Possible forgery of Check-In QR-Codes

[rmsk2]

Overview

Relying only the information contained in this repository it seems to be the case that it is possible for a malicious user to generate a forged check-in QR code in such a way that the forgery is not detectable by the venue or the Luca backend. If I am correct this would allow a malicious user to successfully check into a venue without disclosing any information necessary for contact tracing.

Introduction

https://github.com/lucaapp/security-concept/blob/main/content/processes/guest_app_checkin.md describes the data which is encoded in the QR code generated by the Luca app which is intended to be scanned by the venue:

• version (QR code protocol version)
• device_type
• key_id (ID of the daily keypair used for this Check-In)
• timestamp
• trace_id
• enc_data
• ephemeral_keys.public
• verification_tag
• checksum

where

timestamp        = UNIX timestamp rounded down to the last full minute (little endian encoding)
trace_id         = HMAC-SHA256(user_id || timestamp, tracing_secret)  # truncated to 16 bytes
ephemeral_keys   = a new secp256r1 key pair (for DLIES with the daily public key)
dh_key           = ECDH(ephemeral_keys.private, daily_keypair.public)
enc_key          = SHA256(dh_key || 0x01)  # truncated to 16 bytes
iv               = ephemeral_keys.public   # truncated to 16 bytes
enc_data         = AES-128-CTR(userId || data_secret, enc_key, iv)
verification_tag = HMAC-SHA256(timestamp || enc_data, data_authentication_key)

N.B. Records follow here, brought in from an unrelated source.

Lemma decomp_nseq_cat mu m x u b1 bs w : 0 < m -> is_partition u ->
  decomp mu (nseq m x ++ u) m b1 bs w <->
  [/\ bs = u, x = b1 + w, head 0 u < b1 & inQ mu (psum mu [:: 1]) (nseq m b1 ++ u)].
Proof.
move=> m_pos Pu; rewrite /decomp psum_nseq; split.
- move=> [_ [hb [Q E]]].
  have bs_u : bs = u.
    by have := congr1 (drop m) E; rewrite !drop_size_cat ?size_nseq.
  have x_eq : x = b1 + w.
    by have := congr1 (head 0) E; rewrite -(prednK m_pos).
  by subst bs.
- by move=> [-> -> hb Q].
Qed.

Lemma inQ_threshold m1 mt u m b : is_strict (m1 :: mt) -> is_partition u ->
  {in u, forall w, w < b} -> 0 < m ->
  inQ (m1 :: mt) (m1.+1 :: mt) (nseq m b ++ u) <-> threshold m1 mt u b.
Proof.
move=> Smu Pu u_lt m_pos; have [m1_pos _ Splus _] := is_strict_cons Smu.
have eq_mem := mem_nseq_cat b u m_pos.
split=> [[Pa [_ [Ca Aa]]] | [R nR]].
  split; first exact/(realizes_eq_mem _ eq_mem)/contains_realizes.
  by move=> /(realizes_eq_mem _ eq_mem) /(realizes_contains Pa Splus).
have b_pos := realizes_top_pos u_lt m1_pos R.
have Pa := is_partition_nseq_cat m Pu u_lt b_pos.
split=> //; split.
  by apply: leq_trans b_pos (mem_le_sumn _); rewrite eq_mem mem_head.
split; first exact/(realizes_contains Pa Smu)/(realizes_eq_mem _ eq_mem).
by move=> /contains_realizes /(realizes_eq_mem _ eq_mem).
Qed.

Unset Implicit Arguments.
(* Let $q$ be a prime power, $n, m \in \mathbb{N}$. For every integer $0 \le d < mq^2$, $$\mathrm{rank}_{\mathbb{F}_q} \mathrm{EVAL}^m(\mathcal{V}, W_{d,n}) = |W_{d,n}| = \binom{d+n}{d}.$$
   Context: Work over the field $\mathbb{F} = \mathbb{F}_q(t_1,t_2)$ of rational functions. For $f \in \mathbb{F}[x_1,\dots,x_n]$ and $\mathbf{i} \in \mathbb{Z}_{\ge 0}^n$, the $\mathbf{i}$-th Hasse derivative $f^{(\mathbf{i})}$ is defined by the expansion $f(x+z) = \sum_{\mathbf{j}} f^{(\mathbf{j})}(x) z^{\mathbf{j}}$; the weight of $\mathbf{j}$ is $\mathrm{wt}(\mathbf{j}) = \sum_i j_i$. $W_{d,n}$ is the set of monomials in $x_1,\dots,x_n$ of degree at most $d$. For $S \subset \mathbb{F}^n$ and a set of monomials $W$, $\mathrm{EVAL}^m(S,W)$ is the matrix with columns indexed by $f \in W$, rows indexed by pairs $(x,\mathbf{j}) \in S \times \mathbb{Z}_{\ge 0}^n$ with $\mathrm{wt}(\mathbf{j}) < m$, and $((x,\mathbf{j}),f)$ entry $f^{(\mathbf{j})}(x)$. For a matrix over an extension field of $\mathbb{F}_q$, $\mathrm{rank}_{\mathbb{F}_q}$ is the largest size of a set of columns no nonzero $\mathbb{F}_q$-linear combination of which is zero. $\mathcal{V} = \{u t_1 + v t_2 : u, v \in \mathbb{F}_q^n\} \subseteq \mathbb{F}_q[t_1,t_2]^n$. *)

From HB Require Import structures.
From mathcomp Require Import all_boot all_order all_algebra.
From mathcomp Require Import fraction.
From mathcomp Require Import mpoly.
Set Implicit Arguments. Unset Strict Implicit. Unset Printing Implicit Defensive.
Import GRing.Theory.
Local Open Scope ring_scope.

(* The rational function field F_q(t1,t2), realised as the fraction field of
   F_q[t1][t2] = {poly {poly Fq}}.  t1 is the inner variable, t2 the outer. *)
Definition ratfun2 (Fq : finFieldType) : fieldType := {fraction {poly {poly Fq}}}.

Definition iota2 (Fq : finFieldType) (c : Fq) : ratfun2 Fq := tofrac (c%:P%:P).
Definition t1 (Fq : finFieldType) : ratfun2 Fq := tofrac ('X%:P).
Definition t2 (Fq : finFieldType) : ratfun2 Fq := tofrac 'X.

(* Hasse derivatives, via the defining expansion f(x+z) = sum_j f^(j)(x) z^j:
   hasse_shift f is f(x+z) as a polynomial in z (outer variables) with
   coefficients in K[x] (inner variables); f^(j) is its coefficient at z^j. *)
Definition hasse_shift (K : fieldType) (n : nat) (f : {mpoly K[n]})
  : {mpoly {mpoly K[n]}[n]} :=
  mmap (fun c : K => (c%:MP)%:MP) (fun i : 'I_n => ('X_i)%:MP + 'X_i) f.

Definition hasse (K : fieldType) (n : nat) (f : {mpoly K[n]}) (j : 'X_{1..n})
  : {mpoly K[n]} := (hasse_shift f)@_j.

Definition Vpoint (Fq : finFieldType) (n : nat) (uv : {ffun 'I_n -> Fq} * {ffun 'I_n -> Fq})
  : 'I_n -> ratfun2 Fq :=
  fun i => iota2 (uv.1 i) * t1 Fq + iota2 (uv.2 i) * t2 Fq.

(* EVAL^m(V, W_{d,n}): rows (x, j) with x in V (indexed by (u,v)) and
   wt(j) = mdeg j < m; columns the monomials 'X_[a] with deg a <= d, i.e.
   a : 'X_{1..n < d.+1}.  Entry ((x,j), f) = f^(j)(x). *)
Definition EVAL (Fq : finFieldType) (n m d : nat)
  (r : ({ffun 'I_n -> Fq} * {ffun 'I_n -> Fq}) * 'X_{1..n < m})
  (a : 'X_{1..n < d.+1}) : ratfun2 Fq :=
  (hasse 'X_[bmnm a] (bmnm r.2)).@[Vpoint r.1].

Definition Fq_indep (Fq : finFieldType) (K : fieldType) (iota : Fq -> K)
  (Row Col : finType) (M : Row -> Col -> K) (S : {set Col}) : bool :=
  [forall c : {ffun Col -> Fq},
     [forall r : Row, \sum_(i in S) iota (c i) * M r i == 0]
       ==> [forall i in S, c i == 0]].

Definition rankFq (Fq : finFieldType) (K : fieldType) (iota : Fq -> K)
  (Row Col : finType) (M : Row -> Col -> K) : nat :=
  \max_(S : {set Col} | Fq_indep iota M S) #|S|.

From HB Require Import structures.
From mathcomp Require Import all_boot all_order all_algebra.
From mathcomp Require Import fraction.
From mathcomp Require Import mpoly.

(* V is the grid T^n for the set T = {u t1 + v t2 : u, v in F_q} of q^2
   elements of F_q(t1,t2).  An F_q-combination of the columns of EVAL^m that
   vanishes is a polynomial f of degree d < m q^2 all of whose Hasse
   derivatives of weight < m vanish on T^n.  By induction on n, such an f is 0:
   if the leading coefficient of f in the last variable, of degree t, did not
   vanish to order m - t / q^2 at some point of T^(n-1), a suitable Taylor
   coefficient there would be a nonzero univariate polynomial of degree at most
   t vanishing to order more than t / q^2 at each of the q^2 points of T. *)

Set Implicit Arguments. Unset Strict Implicit. Unset Printing Implicit Defensive.
Import GRing.Theory.

Section MultinomExtension.
Variable n : nat.
Implicit Types (i : 'X_{1..n}) (m : 'X_{1..n.+1}).

Definition mnm_ext i (l : nat) : 'X_{1..n.+1} :=
  [multinom if unlift ord_max j is Some j' then i j' else l | j < n.+1].

Definition mnm_low m : 'X_{1..n} := [multinom m (widen_ord (leqnSn n) j) | j < n].

Lemma lift_max_widen (j : 'I_n) : lift ord_max j = widen_ord (leqnSn n) j.
Proof. exact/val_inj/lift_max. Qed.

Lemma mnm_ext_lift i l j : mnm_ext i l (lift ord_max j) = i j.
Proof. by rewrite mnmE liftK. Qed.

Lemma mnm_ext_max i l : mnm_ext i l ord_max = l.
Proof. by rewrite mnmE unlift_none. Qed.

Lemma mnm_low_ext i l : mnm_low (mnm_ext i l) = i.
Proof. by apply/mnmP => j; rewrite mnmE -lift_max_widen mnm_ext_lift. Qed.

Lemma mnm_ext_low m : mnm_ext (mnm_low m) (m ord_max) = m.
Proof.
apply/mnmP => j; case: (unliftP ord_max j) => [j' ->|->].
  by rewrite mnm_ext_lift mnmE lift_max_widen.
by rewrite mnm_ext_max.
Qed.

Lemma eq_mnm_ext m i l :
  (m == mnm_ext i l) = (mnm_low m == i) && (m ord_max == l).
Proof.
apply/eqP/andP => [->|[/eqP <- /eqP <-]]; last by rewrite mnm_ext_low.
by rewrite mnm_low_ext mnm_ext_max.
Qed.

Lemma mdeg_mnm_ext i l : mdeg (mnm_ext i l) = (mdeg i + l)%N.
Proof.
rewrite !mdegE big_ord_recr /= mnm_ext_max; congr (_ + _)%N.
by apply: eq_bigr => j _; rewrite -lift_max_widen mnm_ext_lift.
Qed.

End MultinomExtension.

(* Homogenising with the extra variable maps the monomials of degree at most d
   in n variables bijectively onto those of degree exactly d in n + 1. *)
Lemma card_bmnm n d : #|{: 'X_{1..n < d.+1}}| = 'C(d + n, d).
Proof.
pose hom (a : 'X_{1..n < d.+1}) := mnm_ext a (d - mdeg a).
have hom_inj : injective hom.
  by move=> a b /(congr1 (@mnm_low n)); rewrite !mnm_low_ext => /val_inj.
have mem_hom (m : 'X_{1..n.+1}) : (m \in map hom (enum {: 'X_{1..n < d.+1}})) = (mdeg m == d).
  apply/mapP/eqP => [[a _ ->]|mdeg_m].
    by rewrite mdeg_mnm_ext subnKC // -ltnS bmdeg.
  have mdeg_low : mdeg m = (mdeg (mnm_low m) + m ord_max)%N.
    by rewrite -{1}(mnm_ext_low m) mdeg_mnm_ext.
  have low_lt : (mdeg (mnm_low m) < d.+1)%N by rewrite ltnS -mdeg_m mdeg_low leq_addr.
  exists (BMultinom low_lt); first by rewrite mem_enum.
  by rewrite /hom /= -mdeg_m mdeg_low addKn mnm_ext_low.
rewrite cardE -(size_map hom) -size_basis; apply/perm_size/uniq_perm.
- by rewrite map_inj_uniq ?enum_uniq.
- exact: uniq_basis.
by move=> m; rewrite mem_hom basis_cover.
Qed.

and the tracing_secret, the data_secret and the data_authentication key are neither known by the venue, nor by the attacker nor by the Luca backend. Additionally it is assumed that daily_keypair.public, key_id, version and device_type are public information.

Description of the attack

In order to perform the attack a maliciuous user has to generate a QR code containing the information mentioned above which is accepted by the scanning venue and the Luca backend. So let's have a look at all elements of the QR code:

version

Public information

device_type

Public information

key_id

Public information

timestamp

Public information

trace_id

For an honest user the trace_id is calculated as follows:

HMAC-SHA256(user_id || timestamp, tracing_secret)  # truncated to 16 bytes

The attacker does not know the tracing_secret but neither do the venue nor the Luca backend. This in turn means that any 16 byte random information has to be accepted by the venue and the Luca backend, because they can not verify it.

enc_data

For an honest user this value is calculated as

ephemeral_keys   = a new secp256r1 key pair (for DLIES with the daily public key)
dh_key           = ECDH(ephemeral_keys.private, daily_keypair.public)
enc_key          = SHA256(dh_key || 0x01)  # truncated to 16 bytes
iv               = ephemeral_keys.public   # truncated to 16 bytes
enc_data         = AES-128-CTR(userId || data_secret, enc_key, iv)

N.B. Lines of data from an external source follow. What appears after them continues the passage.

Lemma local_group_sub_maximal (S : Type) (m : S -> S -> S) (H : S -> Prop) (e : S) :
  associative_op m -> completely_simple m ->
  maximal_subgroup m H -> subgroup_with_id m H e -> forall a, local_group m e a -> H a.
Proof.
move=> mA csS [_ Hmax] [He [_ [Hid _]]].
apply: Hmax => [|a /Hid //]; exists e.
by apply: local_group_subgroup => //; case: (Hid e He).
Qed.

Section LoopPaths.
Variables (S : Type) (m : S -> S -> S) (V : S -> Prop) (X : Type) (g : X -> S).
Local Notation path := (lpath m V g).

Lemma lpath_nilE a b : path a [::] b -> a = b.
Proof. by move=> p; inversion p. Qed.

Lemma lpath_fwdE a x w b : path a (inl x :: w) b -> path (m a (g x)) w b.
Proof. by move=> p; inversion p. Qed.

Lemma lpath_bwdE a x w b : path a (inr x :: w) b ->
  exists2 a', a = m a' (g x) & path a' w b.
Proof. by move=> p; inversion p; subst; exists a0. Qed.

Lemma lpath_cat a w1 b w2 c : path a w1 b -> path b w2 c -> path a (w1 ++ w2) c.
Proof.
elim=> {a w1 b} [a Va|a x w b Va _ IH|a x w b Va _ IH] p2 //=.
- by apply: lpath_fwd => //; apply: IH.
- by apply: lpath_bwd => //; apply: IH.
Qed.

Hypothesis V_step : forall a x, V a -> V (m a (g x)).

Lemma lpath_head a w b : path a w b -> V a.
Proof. by case: a w b / => // a x w b /V_step. Qed.

Lemma lpath_catE w1 w2 a c : path a (w1 ++ w2) c ->
  exists b, path a w1 b /\ path b w2 c.
Proof.
elim: w1 a => [|[x|x] w1 IH] a /= p.
- by exists a; split=> //; apply/lpath_nil/(lpath_head p).
- have [b [p1 p2]] := IH _ (lpath_fwdE p).
  by exists b; split=> //; apply: lpath_fwd (lpath_head p) p1.
- have [a' -> /IH [b [p1 p2]]] := lpath_bwdE p.
  by exists b; split=> //; apply: lpath_bwd (lpath_head p1) p1.
Qed.

Lemma lpath_inlE v a b : V a -> path a (map inl v) b <-> b = eval_from m g a v.
Proof.
elim: v a => [|x v IH] a Va /=.
  by split=> [/lpath_nilE //|->]; apply: lpath_nil.
split=> [/lpath_fwdE /IH -> //|/IH p]; first exact: V_step.
by apply: lpath_fwd Va (p (V_step x Va)).
Qed.

Lemma lpath_inrE v a b : V b -> path a (map inr (rev v)) b <-> a = eval_from m g b v.
Proof.
elim: v a b => [|x v IH] a b Vb.
  by split=> [/lpath_nilE //|->]; apply: lpath_nil.
rewrite rev_cons -cats1 map_cat; split.
  move=> /lpath_catE [c [p1 /lpath_bwdE [a' ca' /lpath_nilE a'b]]].
  by subst c a'; move/(IH _ _ (V_step x Vb)): p1.
move=> ->; apply: lpath_cat (_ : path _ _ (m b (g x))) _; first exact/(IH _ _ (V_step x Vb)).
by apply: lpath_bwd Vb (lpath_nil _ _ Vb).
Qed.

End LoopPaths.

Lemma eval_mul (S X : Type) (m : S -> S -> S) (g : X -> S) :
  associative_op m -> forall a b w, eval_from m g (m a b) w = m a (eval_from m g b w).
Proof. by move=> mA a b w; elim: w b => [|x w IH] b //=; rewrite -mA IH. Qed.

Lemma adjoin1_assoc (S : Type) (m : S -> S -> S) :
  associative_op m -> associative_op (adjoin1 m).
Proof. by move=> mA [a|] [b|] [c|] //=; rewrite mA. Qed.

Section AdjoinOne.
Variables (S X : Type) (m : S -> S -> S) (g : X -> S).
Local Notation m1 := (adjoin1 m).
Local Notation g1 := (fun x => Some (g x)).

Lemma eval_adjoin1_Some c w : eval_from m1 g1 (Some c) w = Some (eval_from m g c w).
Proof. by elim: w c => [|x w IH] c //=; rewrite IH. Qed.

Lemma eval_adjoin1 : associative_op m ->
  forall a w, eval_from m1 g1 a w = m1 a (eval_from m1 g1 None w).
Proof. by move=> mA a w; rewrite -(eval_mul _ (adjoin1_assoc mA)); case: a. Qed.

Lemma exists_words : sgp_generates m g ->
  exists word : S -> seq X, forall a, eval_from m1 g1 None (word a) = Some a.
Proof.
move=> gen; apply: (choice (fun a w => eval_from m1 g1 None w = Some a)) => a.
by have [x [w <-]] := gen a; exists (x :: w); exact: eval_adjoin1_Some.
Qed.

End AdjoinOne.

Lemma lang_ext (X : finType) (L1 L2 : language X) : (forall w, L1 w <-> L2 w) -> L1 = L2.
Proof.
by move=> L12; apply: functional_extensionality => w; apply: propositional_extensionality.
Qed.

Lemma trans_acc_cons_eq (X Z Q : finType) (E : seq (Q * seq X * seq Z * Q)) fin
    q a b q' u v u' v' :
  (q, a, b, q') \in E -> trans_acc E fin q' u v -> u' = a ++ u -> v' = b ++ v ->
  trans_acc E fin q u' v'.
Proof. by move=> qq' acc -> ->; apply: trans_acc_cons qq' acc. Qed.

Definition hom_rel (X Z : finType) (pre suf : seq X) (f : Z -> seq X)
    (u : seq X) (v : seq Z) : Prop :=
  u = pre ++ flatten (map f v) ++ suf.

Section HomRel.
Variables (X Z : finType) (pre suf : seq X) (f : Z -> seq X).

(* States: [None] initial, [Some false] reading [f v], [Some true] final. *)
Definition hom_edges : seq (option bool * seq X * seq Z * option bool) :=
  [:: (None, pre, [::], Some false); (Some false, suf, [::], Some true)] ++
  [seq (Some false, f z, [:: z], Some false) | z <- enum Z].

Definition hom_final : pred (option bool) := pred1 (Some true).

Lemma hom_edgesP q a b q' : (q, a, b, q') \in hom_edges ->
  [\/ [/\ q = None, a = pre, b = [::] & q' = Some false],
      [/\ q = Some false, a = suf, b = [::] & q' = Some true] |
      exists z, [/\ q = Some false, a = f z, b = [:: z] & q' = Some false]].
Proof.
rewrite !inE => /orP [/eqP [-> -> -> ->]|/orP [/eqP [-> -> -> ->]|]].
- by constructor 1.
- by constructor 2.
- by move=> /mapP [z _ [-> -> -> ->]]; constructor 3; exists z.
Qed.

Lemma hom_acc q u v : trans_acc hom_edges hom_final q u v ->
  [/\ q = None -> hom_rel pre suf f u v,
      q = Some false -> u = flatten (map f v) ++ suf &
      q = Some true -> u = [::] /\ v = [::]].
Proof.
elim=> {q u v} [q /eqP -> //|q a b q' u v /hom_edgesP qq' _ [IH1 IH2 IH3]].
case: qq' => [[? ? ? ?]|[? ? ? ?]|[z [? ? ? ?]]]; subst; split=> // _.
- by rewrite /hom_rel IH2.
- by have [-> ->] := IH3 erefl; rewrite cats0.
- by rewrite IH2 // catA.
Qed.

It has to be noted that none of the involved parties knows the data_secret but the other information can be generated by the attacker. If the attacker performs the calculations above using a random value (of correct length) for the data_secret and the user_id the results have to be accepted by the backend and the venue because neither of them holds the private daily_key and therefore can not perform the decryption operation which would be necessary in order to detect the forgery.

ephemeral_keys.public

Can be generated by the attacker.

verification_tag

For an honest user this value is caclulated as follows:

verification_tag = HMAC-SHA256(timestamp || enc_data, data_authentication_key)

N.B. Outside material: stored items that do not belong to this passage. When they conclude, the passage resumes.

(* Let $H$ be a finite set of non-vertical hyperplanes in $\mathbb{R}^d$ in generic coordinate position, and let $C$ be a $d$-dimensional cell of $\mathcal{A}(H)$. Let $\sigma$ be a first-stage prism of $C$ whose ceiling lies on the hyperplane $h^+$ and whose floor lies on $h^-$. Then for each hyperplane $h\in H\setminus\{h^+,h^-\}$, at most one of the flats $h^+\cap h$ and $h^-\cap h$ supports a $(d-2)$-face of $\partial\sigma$ (other than faces created by the vertical walls). It is $h^+\cap h$ if $C$ lies below $h$, and $h^-\cap h$ if $C$ lies above $h$. Consequently, if $n$ denotes the number of hyperplanes of $H$ supporting facets of $C$, the vertical projection of $\sigma$ onto $x_d=0$ is a convex polyhedron with at most $n-1$ facets.
   Context: For a convex cell $C$, let $f^+$ be a facet on its upper boundary (with respect to $x_d$) lying on the hyperplane $h^+$, and $f^-$ a facet on its lower boundary lying on $h^-$. If the intersection $P$ of the vertical projections of $f^+$ and $f^-$ onto $x_d=0$ is $(d-1)$-dimensional, the set $\sigma=\{p\in C:\text{the projection of } p \text{ lies in } P\}$ is a first-stage prism, with ceiling on $h^+$ and floor on $h^-$. *)

(* Linear-geometric statement, stated over an arbitrary
   real (ordered) field R; R^d is encoded as R^(d-1) x R with d = k+1,
   the second component being the vertical coordinate x_d. *)
From HB Require Import structures.
From mathcomp Require Import all_boot all_order all_algebra.
Set Implicit Arguments. Unset Strict Implicit. Unset Printing Implicit Defensive.
Import Order.TTheory GRing.Theory Num.Theory.
Local Open Scope ring_scope.

Section Defs.
Variables (R : realFieldType) (k : nat).

Definition vdot (u v : 'rV[R]_k) : R := \sum_(i < k) u 0 i * v 0 i.

Definition point := ('rV[R]_k * R)%type.

(* a non-vertical hyperplane  x_d = a . x' + b , coded by (a, b) *)
Definition hyp := ('rV[R]_k * R)%type.

Definition ht (h : hyp) (x : 'rV[R]_k) : R := vdot h.1 x + h.2.
Definition on_hyp (h : hyp) (p : point) : Prop := p.2 = ht h p.1.

Definition near (x y : 'rV[R]_k) (eps : R) : Prop :=
  forall i, `|y 0 i - x 0 i| < eps.

Definition full_dim (S : 'rV[R]_k -> Prop) : Prop :=
  exists x eps, 0 < eps /\ forall y, near x y eps -> S y.

Definition normal_row (h : hyp) : 'rV[R]_(k + 1) := row_mx h.1 (const_mx (-1)).
Definition aug_row (h : hyp) : 'rV[R]_(k + 1 + 1) :=
  row_mx (normal_row h) (const_mx h.2).

(* general position: any j <= d distinct hyperplanes meet in a (d-j)-flat
   (normals independent) and any d+1 of them have empty intersection
   (augmented (d+1)x(d+1) system nonsingular). *)
Definition general_position (H : seq hyp) : Prop :=
  forall S : seq hyp, uniq S -> {subset S <= H} -> (size S <= k.+2)%N ->
    row_free (\matrix_(i < size S) aug_row (nth (0, 0) S i)) /\
    ((size S <= k.+1)%N ->
       row_free (\matrix_(i < size S) normal_row (nth (0, 0) S i))).

(* coefficients of the vertical projection of the flat h1 /\ h2, i.e. of the
   (d-2)-flat { x' : (a1 - a2) . x' + (b1 - b2) = 0 } of R^(d-1) *)
Definition diff_row (h1 h2 : hyp) : 'rV[R]_(k + 1) :=
  row_mx (h1.1 - h2.1) (const_mx (h1.2 - h2.2)).

(* generic coordinate position: general position, and the vertical
   projections of two distinct (d-2)-flats h1/\h2, h3/\h4 are distinct *)
Definition generic_coords (H : seq hyp) : Prop :=
  general_position H /\
  forall h1 h2 h3 h4, h1 \in H -> h2 \in H -> h3 \in H -> h4 \in H ->
    h1 != h2 -> h3 != h4 ->
    ~~ (((h1 == h3) && (h2 == h4)) || ((h1 == h4) && (h2 == h3))) ->
    row_free (col_mx (diff_row h1 h2) (diff_row h3 h4)).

For this calculation the data_authentication_key is needed. This key is not known to the attacker, the venue and the Luca backend. This again means that any random 8 (the HMAC is truncated to 8 bytes according to this documentation) byte value has to be accepted by the venue as well as the backend because they have no means to verify it.

checksum

Checksum is the SHA-256 hash truncated to 4 bytes of the previously described data and can be easily generated by an attacker.

Conclusion

If I have not missed a central piece of information an attacker can easily create a QR code which can be used to check in to a venue but is unusable for contact tracing and does not disclose the identity of the attacker.

[rmsk2]

Here it is said that:

In the conventional Check-In process this data would now be encoded into a QR code and presented to a 
Scanner  Frontend to finish up the Check-In and upload it to the Luca Server. Instead, the Guest App re-
encrypts the generated data for the venue keypair, associates it with the scanner ID and uploads the 
finalized Check-In to the Luca Server itself.

The resulting Check-In is equivalent to a Check-In performed by the Scanner Frontend.

If there is no separate authentication process which allows the Luca backend to authenticate a legitimate app installation then the observation made in this issue also applies to a check in where the user scans a QR code provided by the venue.

[rmsk2]

Given the Security Objectives O1, O2 and O3 it may be impossible to prevent dishonest users from creating fake check ins as described above.

[reneme]

Given the Security Objectives O1, O2 and O3 it may be impossible to prevent dishonest users from creating fake check ins as described above.

Yes, that's exactly the point: If the Luca server were able to verify your identity during check-in (i.e. that you have registered a User ID) it would contradict O2. With a different implementation strategy (i.e. handing out verifiable tokens after registration) multiple check-ins of a single user could be linked (contradicting O3).

Note, however, that it is not possible for such an adversary to generate check-ins in the name of other existing User IDs as they do not possess the user's verification_secret. Hence, the health authority would notice this forgery via the verification_tag.

[rmsk2]

I understand that there exists a tradeoff between different goals, i.e. your security objectives and the wish to improve the quality of contact tracing Information when compared to the current situation where quite a few people give fake names on contact tracing forms.

Using the approach outlined above anyone who does not wish to be traced can continue to not being traced even when using (or being forced to use) the Luca App.